U.S. is looking into Nvidia’s China-market chips, Raimondo says
Commerce Secretary Gina Raimondo said the U.S. is looking into the specifics of three new AI accelerators that Nvidia Corp. is developing for China, after vowing earlier this month to restrict any new chips that give the Asian country AI capabilities.
“We look at every spec of every new chip, obviously to make sure it doesn’t violate the export controls,” she said Monday in a Bloomberg interview.
Nvidia is in the process of developing China-specific chips after the U.S. tightened export controls to block the shipment of semiconductors the company had earlier designed for China.
The new processors abide by the stricter China guidelines that the Commerce Department announced earlier this fall, Nvidia’s CEO said last week.

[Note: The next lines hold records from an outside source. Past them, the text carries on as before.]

(* Let $\Lambda\in(\mathbb{R}\setminus\{0\})^n$, let $\mathcal{X}$ be as in the context and $P\in\mathrm{Lip}_{\mathcal{X}}(\mathbb{C}^n,\mathbb{C}^n)$. Then for every $a\in\mathbb{C}^n$ the limit $\langle\langle P\rangle\rangle(a)=\lim_{T\to\pm\infty}\langle\langle P\rangle\rangle^T(a)$ exists, and $\langle\langle P\rangle\rangle\in\mathrm{Lip}_{\mathcal{X}}(\mathbb{C}^n,\mathbb{C}^n)$. Moreover, for every $R>0$ the convergence is uniform in $a\in\bar B_R$, i.e. the rate of convergence depends only on $R$, $\Lambda$ and $P$.
   Context: $\mathbb{C}^n\cong\mathbb{R}^{2n}$ with Euclidean norm; $B_R=\{v:|v|<R\}$, $\bar B_R$ its closure. For a non-decreasing continuous function $\mathcal{X}:\mathbb{R}_+\to\mathbb{R}_+$, $\mathrm{Lip}_{\mathcal{X}}(\mathbb{C}^n,\mathbb{C}^n)$ is the set of continuous vector fields $f:\mathbb{C}^n\to\mathbb{C}^n$ with $\sup_{B_R}|f|\le\mathcal{X}(R)$ and $\mathrm{Lip}(f|_{B_R})\le\mathcal{X}(R)$ for all $R\ge0$. For $w\in\mathbb{R}^n$, $\Phi_w=\mathrm{diag}(e^{\mathbf{i}w_1},\dots,e^{\mathbf{i}w_n})$. For $T\ne0$, $\langle\langle P\rangle\rangle^T(a)=\frac{1}{|T|}\int_0^T\Phi_{\Lambda t}P(\Phi_{-\Lambda t}a)\,dt$ (for $T<0$, $\int_0^T$ means $\int_T^0$). *)

From Stdlib Require Import Reals ClassicalEpsilon.
From mathcomp Require Import all_boot.
Set Implicit Arguments. Unset Strict Implicit. Unset Printing Implicit Defensive.
Local Open Scope R_scope.

(* A complex number z = x + i y is the pair (x, y). *)
Definition C : Type := (R * R)%type.
Definition Cn (n : nat) : Type := 'I_n -> C.

Definition vsub (n : nat) (u v : Cn n) : Cn n :=
  fun j => (fst (u j) - fst (v j), snd (u j) - snd (v j)).

Definition vnorm (n : nat) (v : Cn n) : R :=
  sqrt (\big[Rplus/0]_(j < n) ((fst (v j))^2 + (snd (v j))^2)).

(* multiplication by e^{i th} *)
Definition crot (th : R) (z : C) : C :=
  (cos th * fst z - sin th * snd z, sin th * fst z + cos th * snd z).

Definition Phi (n : nat) (w : 'I_n -> R) (a : Cn n) : Cn n :=
  fun j => crot (w j) (a j).

(* Riemann integral \int_a^b f (value independent of the integrability proof;
   0 if f is not Riemann integrable, which never happens for continuous f). *)
Definition Rint (f : R -> R) (a b : R) : R :=
  epsilon (inhabits 0)
    (fun I => exists pr : Riemann_integrable f a b, RiemannInt pr = I).

(* (1/|T|) \int_0^T f, with \int_0^T meaning \int_T^0 for T < 0. *)
Definition avgR (f : R -> R) (T : R) : R :=
  if Rlt_dec 0 T then / T * Rint f 0 T else / (- T) * Rint f T 0.

Definition avgP (n : nat) (Lam : 'I_n -> R) (P : Cn n -> Cn n) (T : R) (a : Cn n)
  : Cn n :=
  fun j =>
    let g := fun t => crot (Lam j * t) (P (Phi (fun k => - (Lam k * t)) a) j) in
    (avgR (fun t => fst (g t)) T, avgR (fun t => snd (g t)) T).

Temu’s legal beef with Shein boils over again
Chinese-owned online marketplace Temu is suing fast-fashion rival Shein in the U.S. over what it calls “intensified” anticompetitive practices, reviving a legal fight between the e-commerce upstarts after both dropped earlier lawsuits against each other.
Whaleco Inc., which operates as Temu, has accused Shein of hatching a “desperate plan” to undercut its business, according to a U.S. court filing.
Wednesday’s complaint accused Shein of filing tens of thousands of copyright takedown notices against Temu, forcing fashion suppliers into exclusive agreements, and threatening Temu merchants.
Representatives for Shein didn’t respond to a request for comment. A Temu representative said the latest move was a result of Shein’s escalating anticompetitive behavior. “Their actions are too exaggerated; we had no choice but to sue them,” the spokesperson added.
JD.com founder channels Jack Ma in call for change
JD.com Inc. founder Richard Liu urged staff to address deep-seated issues within his e-commerce company, in an internal memo that echoed a call to arms issued by Alibaba Group Holding Ltd. founder Jack Ma last month.
Liu was responding to an employee’s post on a JD.com forum over the weekend, in much the same way Ma addressed and amplified an Alibaba staffer’s views about rising competition. The unnamed employee listed a litany of problems from poor merchant support to an overly pricey item list, according to posts that were confirmed by a JD spokesperson. The billionaire founder agreed with that assessment and called for change.
“I feel our brother has said it all too well,” Liu wrote.